Problem description =
Search the records that follow and extract every line containing the string "graph".

Saved data entries
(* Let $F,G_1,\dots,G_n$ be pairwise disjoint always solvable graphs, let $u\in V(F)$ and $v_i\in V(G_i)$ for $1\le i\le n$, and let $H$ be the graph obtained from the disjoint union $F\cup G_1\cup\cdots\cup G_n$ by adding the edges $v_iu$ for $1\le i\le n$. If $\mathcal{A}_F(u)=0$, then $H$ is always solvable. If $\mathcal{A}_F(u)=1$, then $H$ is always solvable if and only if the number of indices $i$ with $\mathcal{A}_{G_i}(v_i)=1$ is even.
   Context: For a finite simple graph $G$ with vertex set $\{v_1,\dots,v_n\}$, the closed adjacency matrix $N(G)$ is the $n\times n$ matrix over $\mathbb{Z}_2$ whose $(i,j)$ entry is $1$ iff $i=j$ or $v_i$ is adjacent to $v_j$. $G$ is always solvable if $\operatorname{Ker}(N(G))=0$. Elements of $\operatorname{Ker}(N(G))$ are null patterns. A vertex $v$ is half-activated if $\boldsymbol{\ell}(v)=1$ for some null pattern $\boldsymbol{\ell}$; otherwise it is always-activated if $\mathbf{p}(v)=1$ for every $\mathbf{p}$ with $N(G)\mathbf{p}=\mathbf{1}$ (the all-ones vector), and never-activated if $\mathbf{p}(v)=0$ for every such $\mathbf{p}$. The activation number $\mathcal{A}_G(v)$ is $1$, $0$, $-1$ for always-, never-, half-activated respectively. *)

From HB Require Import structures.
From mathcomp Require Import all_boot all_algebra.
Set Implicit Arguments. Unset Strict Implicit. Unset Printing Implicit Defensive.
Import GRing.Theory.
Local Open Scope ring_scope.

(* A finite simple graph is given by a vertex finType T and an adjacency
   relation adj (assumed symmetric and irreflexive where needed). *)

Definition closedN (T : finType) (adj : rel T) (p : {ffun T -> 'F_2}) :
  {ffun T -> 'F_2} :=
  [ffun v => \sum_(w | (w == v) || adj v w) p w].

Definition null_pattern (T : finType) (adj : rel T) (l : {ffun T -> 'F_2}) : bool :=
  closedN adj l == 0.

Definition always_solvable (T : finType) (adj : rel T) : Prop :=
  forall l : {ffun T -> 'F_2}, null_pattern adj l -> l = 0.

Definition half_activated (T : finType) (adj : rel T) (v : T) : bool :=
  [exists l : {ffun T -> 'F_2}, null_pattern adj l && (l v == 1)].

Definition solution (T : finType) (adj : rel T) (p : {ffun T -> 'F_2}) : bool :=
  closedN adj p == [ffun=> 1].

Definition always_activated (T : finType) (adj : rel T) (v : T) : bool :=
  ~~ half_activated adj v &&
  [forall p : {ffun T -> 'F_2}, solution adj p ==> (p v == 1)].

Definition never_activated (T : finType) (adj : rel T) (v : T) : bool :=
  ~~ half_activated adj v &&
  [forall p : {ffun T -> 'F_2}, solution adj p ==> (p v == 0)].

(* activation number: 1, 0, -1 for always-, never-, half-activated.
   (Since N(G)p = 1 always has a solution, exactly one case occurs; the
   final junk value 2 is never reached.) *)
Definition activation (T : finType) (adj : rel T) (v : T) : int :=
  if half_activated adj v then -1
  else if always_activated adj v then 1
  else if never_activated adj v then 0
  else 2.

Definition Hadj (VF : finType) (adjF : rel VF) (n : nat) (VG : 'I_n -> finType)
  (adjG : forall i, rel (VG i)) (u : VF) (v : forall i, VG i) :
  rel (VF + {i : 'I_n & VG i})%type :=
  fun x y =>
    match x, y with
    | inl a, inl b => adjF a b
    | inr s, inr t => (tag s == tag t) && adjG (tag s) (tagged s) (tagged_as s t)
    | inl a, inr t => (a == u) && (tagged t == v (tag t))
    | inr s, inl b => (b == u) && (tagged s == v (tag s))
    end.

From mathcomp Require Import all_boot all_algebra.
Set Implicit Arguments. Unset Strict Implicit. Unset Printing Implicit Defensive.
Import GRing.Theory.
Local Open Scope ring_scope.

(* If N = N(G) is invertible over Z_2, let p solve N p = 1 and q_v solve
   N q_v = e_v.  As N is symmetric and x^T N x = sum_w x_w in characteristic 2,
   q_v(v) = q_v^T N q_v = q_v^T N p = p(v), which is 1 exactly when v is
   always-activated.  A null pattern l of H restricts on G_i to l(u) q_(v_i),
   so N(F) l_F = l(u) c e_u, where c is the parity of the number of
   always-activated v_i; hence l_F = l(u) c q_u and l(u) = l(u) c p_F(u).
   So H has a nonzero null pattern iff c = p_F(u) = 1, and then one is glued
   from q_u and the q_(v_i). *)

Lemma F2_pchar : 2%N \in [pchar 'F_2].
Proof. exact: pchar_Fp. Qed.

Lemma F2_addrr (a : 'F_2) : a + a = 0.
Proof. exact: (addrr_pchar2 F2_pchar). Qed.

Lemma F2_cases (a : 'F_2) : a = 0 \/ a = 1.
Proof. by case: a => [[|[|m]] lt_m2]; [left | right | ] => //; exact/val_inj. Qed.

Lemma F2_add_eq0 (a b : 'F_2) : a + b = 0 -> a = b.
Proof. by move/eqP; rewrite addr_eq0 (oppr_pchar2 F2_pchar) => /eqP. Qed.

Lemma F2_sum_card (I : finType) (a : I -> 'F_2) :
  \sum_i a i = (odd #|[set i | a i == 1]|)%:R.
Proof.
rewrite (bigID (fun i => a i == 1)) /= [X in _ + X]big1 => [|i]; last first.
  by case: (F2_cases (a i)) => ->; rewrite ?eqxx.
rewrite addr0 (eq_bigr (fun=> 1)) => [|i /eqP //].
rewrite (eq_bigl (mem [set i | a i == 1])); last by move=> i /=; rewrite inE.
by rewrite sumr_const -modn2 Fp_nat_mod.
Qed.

...

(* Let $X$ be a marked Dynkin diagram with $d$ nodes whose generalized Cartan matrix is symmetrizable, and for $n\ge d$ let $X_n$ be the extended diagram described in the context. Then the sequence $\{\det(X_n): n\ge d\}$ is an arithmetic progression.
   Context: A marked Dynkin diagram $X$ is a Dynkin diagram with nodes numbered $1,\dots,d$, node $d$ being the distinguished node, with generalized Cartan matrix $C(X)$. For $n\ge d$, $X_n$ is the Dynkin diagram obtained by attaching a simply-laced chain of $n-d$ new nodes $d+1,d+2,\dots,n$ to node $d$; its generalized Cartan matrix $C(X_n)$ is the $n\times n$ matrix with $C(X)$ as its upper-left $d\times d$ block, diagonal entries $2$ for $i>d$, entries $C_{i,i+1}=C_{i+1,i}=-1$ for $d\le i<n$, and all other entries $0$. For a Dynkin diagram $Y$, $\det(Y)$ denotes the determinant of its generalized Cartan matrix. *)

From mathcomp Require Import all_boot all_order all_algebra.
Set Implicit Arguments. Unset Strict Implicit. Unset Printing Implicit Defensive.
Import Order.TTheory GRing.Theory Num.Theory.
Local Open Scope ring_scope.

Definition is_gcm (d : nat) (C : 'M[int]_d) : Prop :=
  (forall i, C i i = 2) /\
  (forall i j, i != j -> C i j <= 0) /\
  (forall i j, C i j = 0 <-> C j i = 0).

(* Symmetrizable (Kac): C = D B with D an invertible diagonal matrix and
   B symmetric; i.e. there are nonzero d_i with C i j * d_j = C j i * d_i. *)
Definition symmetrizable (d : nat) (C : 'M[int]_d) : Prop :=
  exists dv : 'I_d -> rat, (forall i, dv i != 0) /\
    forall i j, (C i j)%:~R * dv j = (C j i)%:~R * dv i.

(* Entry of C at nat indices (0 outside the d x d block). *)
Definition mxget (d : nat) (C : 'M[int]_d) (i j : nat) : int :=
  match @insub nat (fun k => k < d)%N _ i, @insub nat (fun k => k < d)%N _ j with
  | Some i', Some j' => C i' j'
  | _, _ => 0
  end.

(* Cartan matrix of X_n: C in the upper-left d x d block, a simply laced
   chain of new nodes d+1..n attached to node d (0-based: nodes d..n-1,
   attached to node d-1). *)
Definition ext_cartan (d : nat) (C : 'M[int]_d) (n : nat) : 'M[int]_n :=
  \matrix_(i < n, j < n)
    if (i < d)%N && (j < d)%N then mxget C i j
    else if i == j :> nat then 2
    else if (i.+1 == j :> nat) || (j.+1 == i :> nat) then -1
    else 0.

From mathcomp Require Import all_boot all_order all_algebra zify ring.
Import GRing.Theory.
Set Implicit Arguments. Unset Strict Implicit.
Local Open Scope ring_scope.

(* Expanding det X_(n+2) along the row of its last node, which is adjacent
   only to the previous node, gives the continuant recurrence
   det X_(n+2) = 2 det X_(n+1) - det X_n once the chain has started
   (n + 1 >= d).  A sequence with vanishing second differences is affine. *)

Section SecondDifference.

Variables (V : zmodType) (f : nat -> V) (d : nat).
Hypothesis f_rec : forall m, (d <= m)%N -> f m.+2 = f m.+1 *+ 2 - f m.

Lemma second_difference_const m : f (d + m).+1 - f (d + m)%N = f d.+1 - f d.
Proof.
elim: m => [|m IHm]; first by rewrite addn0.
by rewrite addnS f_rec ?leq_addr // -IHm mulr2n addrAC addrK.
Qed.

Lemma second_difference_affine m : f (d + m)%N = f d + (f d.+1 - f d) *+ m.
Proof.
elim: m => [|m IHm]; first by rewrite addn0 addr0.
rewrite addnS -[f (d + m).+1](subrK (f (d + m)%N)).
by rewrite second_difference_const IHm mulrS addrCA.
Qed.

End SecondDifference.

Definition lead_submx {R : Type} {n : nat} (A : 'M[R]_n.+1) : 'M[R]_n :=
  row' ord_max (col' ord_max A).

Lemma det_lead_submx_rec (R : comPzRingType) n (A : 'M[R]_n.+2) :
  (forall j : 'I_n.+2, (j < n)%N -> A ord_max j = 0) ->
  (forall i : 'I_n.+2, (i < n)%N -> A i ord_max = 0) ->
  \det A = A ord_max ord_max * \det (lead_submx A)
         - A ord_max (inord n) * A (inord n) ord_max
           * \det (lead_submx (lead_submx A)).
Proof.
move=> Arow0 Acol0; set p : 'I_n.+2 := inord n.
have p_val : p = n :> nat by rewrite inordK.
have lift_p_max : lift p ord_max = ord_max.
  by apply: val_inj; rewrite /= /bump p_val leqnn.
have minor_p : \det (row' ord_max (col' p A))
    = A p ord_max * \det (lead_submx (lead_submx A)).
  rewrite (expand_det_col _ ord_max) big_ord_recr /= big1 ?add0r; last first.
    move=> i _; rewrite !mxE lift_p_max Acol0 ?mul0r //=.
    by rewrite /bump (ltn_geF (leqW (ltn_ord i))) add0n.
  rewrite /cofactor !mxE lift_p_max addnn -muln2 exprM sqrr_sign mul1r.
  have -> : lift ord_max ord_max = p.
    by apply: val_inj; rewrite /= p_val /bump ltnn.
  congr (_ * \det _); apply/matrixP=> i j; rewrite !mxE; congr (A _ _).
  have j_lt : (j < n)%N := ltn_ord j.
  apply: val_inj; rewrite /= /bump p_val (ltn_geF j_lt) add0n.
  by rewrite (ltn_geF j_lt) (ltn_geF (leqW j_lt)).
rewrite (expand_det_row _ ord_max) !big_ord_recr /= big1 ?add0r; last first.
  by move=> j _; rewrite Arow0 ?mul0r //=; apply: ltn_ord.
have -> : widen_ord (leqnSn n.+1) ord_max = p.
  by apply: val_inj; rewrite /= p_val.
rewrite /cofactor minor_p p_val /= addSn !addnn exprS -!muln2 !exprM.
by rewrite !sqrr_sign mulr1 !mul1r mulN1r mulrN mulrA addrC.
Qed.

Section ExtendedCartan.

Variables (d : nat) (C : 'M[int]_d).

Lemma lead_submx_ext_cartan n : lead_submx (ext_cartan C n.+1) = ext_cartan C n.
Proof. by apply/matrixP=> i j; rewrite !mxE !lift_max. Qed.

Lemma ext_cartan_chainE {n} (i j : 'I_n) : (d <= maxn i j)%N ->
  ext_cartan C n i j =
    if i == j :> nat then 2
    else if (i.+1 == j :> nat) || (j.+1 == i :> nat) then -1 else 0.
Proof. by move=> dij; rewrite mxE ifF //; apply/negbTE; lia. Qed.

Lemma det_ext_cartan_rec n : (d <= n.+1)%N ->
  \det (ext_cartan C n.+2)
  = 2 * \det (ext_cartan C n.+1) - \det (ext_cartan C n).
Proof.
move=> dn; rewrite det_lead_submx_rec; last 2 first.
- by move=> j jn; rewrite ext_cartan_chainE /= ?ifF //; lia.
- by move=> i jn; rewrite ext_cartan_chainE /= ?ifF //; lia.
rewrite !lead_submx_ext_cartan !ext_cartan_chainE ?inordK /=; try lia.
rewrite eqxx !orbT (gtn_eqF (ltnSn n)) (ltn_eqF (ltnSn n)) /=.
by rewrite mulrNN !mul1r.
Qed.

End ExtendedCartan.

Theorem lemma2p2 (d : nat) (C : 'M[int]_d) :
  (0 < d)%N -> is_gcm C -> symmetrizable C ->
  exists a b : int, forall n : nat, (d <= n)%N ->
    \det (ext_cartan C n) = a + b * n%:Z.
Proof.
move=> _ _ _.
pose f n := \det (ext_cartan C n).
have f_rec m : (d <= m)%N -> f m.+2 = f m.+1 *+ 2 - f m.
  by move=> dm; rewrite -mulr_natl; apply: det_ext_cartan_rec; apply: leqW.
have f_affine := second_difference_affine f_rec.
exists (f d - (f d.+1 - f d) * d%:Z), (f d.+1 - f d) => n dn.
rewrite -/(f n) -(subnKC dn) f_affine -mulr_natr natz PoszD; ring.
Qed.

==

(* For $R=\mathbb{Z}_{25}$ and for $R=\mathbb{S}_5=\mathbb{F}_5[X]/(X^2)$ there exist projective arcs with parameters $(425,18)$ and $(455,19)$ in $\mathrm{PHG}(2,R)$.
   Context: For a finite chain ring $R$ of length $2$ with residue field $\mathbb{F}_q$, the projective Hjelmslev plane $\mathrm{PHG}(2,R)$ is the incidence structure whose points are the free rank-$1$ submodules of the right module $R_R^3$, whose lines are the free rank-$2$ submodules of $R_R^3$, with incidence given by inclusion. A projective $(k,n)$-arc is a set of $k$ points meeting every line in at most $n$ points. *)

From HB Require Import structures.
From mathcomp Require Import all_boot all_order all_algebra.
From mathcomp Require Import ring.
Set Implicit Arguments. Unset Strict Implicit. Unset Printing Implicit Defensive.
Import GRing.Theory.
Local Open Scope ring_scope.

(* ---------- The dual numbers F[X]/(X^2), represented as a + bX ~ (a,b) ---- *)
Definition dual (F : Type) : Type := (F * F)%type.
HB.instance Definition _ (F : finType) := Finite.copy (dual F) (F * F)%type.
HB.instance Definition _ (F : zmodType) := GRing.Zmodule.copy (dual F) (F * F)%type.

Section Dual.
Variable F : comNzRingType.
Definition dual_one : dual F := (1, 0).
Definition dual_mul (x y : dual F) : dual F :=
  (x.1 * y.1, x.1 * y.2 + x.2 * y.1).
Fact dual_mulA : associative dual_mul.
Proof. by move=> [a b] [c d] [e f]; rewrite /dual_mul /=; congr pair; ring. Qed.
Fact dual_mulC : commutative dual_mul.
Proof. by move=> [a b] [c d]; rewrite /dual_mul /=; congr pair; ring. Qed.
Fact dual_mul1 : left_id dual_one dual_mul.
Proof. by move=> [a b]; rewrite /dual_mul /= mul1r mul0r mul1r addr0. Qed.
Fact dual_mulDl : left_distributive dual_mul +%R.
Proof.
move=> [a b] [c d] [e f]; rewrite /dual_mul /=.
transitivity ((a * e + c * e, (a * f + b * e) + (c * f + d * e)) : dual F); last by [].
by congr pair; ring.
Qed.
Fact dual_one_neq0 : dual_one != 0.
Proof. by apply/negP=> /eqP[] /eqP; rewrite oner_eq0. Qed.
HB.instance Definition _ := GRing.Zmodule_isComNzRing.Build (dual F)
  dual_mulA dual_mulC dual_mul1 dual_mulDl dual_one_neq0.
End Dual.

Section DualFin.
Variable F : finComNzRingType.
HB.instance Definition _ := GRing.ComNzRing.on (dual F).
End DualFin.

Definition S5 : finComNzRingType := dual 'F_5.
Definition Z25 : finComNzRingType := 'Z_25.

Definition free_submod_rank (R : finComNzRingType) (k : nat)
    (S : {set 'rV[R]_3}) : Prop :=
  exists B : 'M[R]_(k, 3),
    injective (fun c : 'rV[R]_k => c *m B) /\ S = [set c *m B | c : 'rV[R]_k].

Reply =
(* Let $F,G_1,\dots,G_n$ be pairwise disjoint always solvable graphs, let $u\in V(F)$ and $v_i\in V(G_i)$ for $1\le i\le n$, and let $H$ be the graph obtained from the disjoint union $F\cup G_1\cup\cdots\cup G_n$ by adding the edges $v_iu$ for $1\le i\le n$. If $\mathcal{A}_F(u)=0$, then $H$ is always solvable. If $\mathcal{A}_F(u)=1$, then $H$ is always solvable if and only if the number of indices $i$ with $\mathcal{A}_{G_i}(v_i)=1$ is even.
   Context: For a finite simple graph $G$ with vertex set $\{v_1,\dots,v_n\}$, the closed adjacency matrix $N(G)$ is the $n\times n$ matrix over $\mathbb{Z}_2$ whose $(i,j)$ entry is $1$ iff $i=j$ or $v_i$ is adjacent to $v_j$. $G$ is always solvable if $\operatorname{Ker}(N(G))=0$. Elements of $\operatorname{Ker}(N(G))$ are null patterns. A vertex $v$ is half-activated if $\boldsymbol{\ell}(v)=1$ for some null pattern $\boldsymbol{\ell}$; otherwise it is always-activated if $\mathbf{p}(v)=1$ for every $\mathbf{p}$ with $N(G)\mathbf{p}=\mathbf{1}$ (the all-ones vector), and never-activated if $\mathbf{p}(v)=0$ for every such $\mathbf{p}$. The activation number $\mathcal{A}_G(v)$ is $1$, $0$, $-1$ for always-, never-, half-activated respectively. *)
(* A finite simple graph is given by a vertex finType T and an adjacency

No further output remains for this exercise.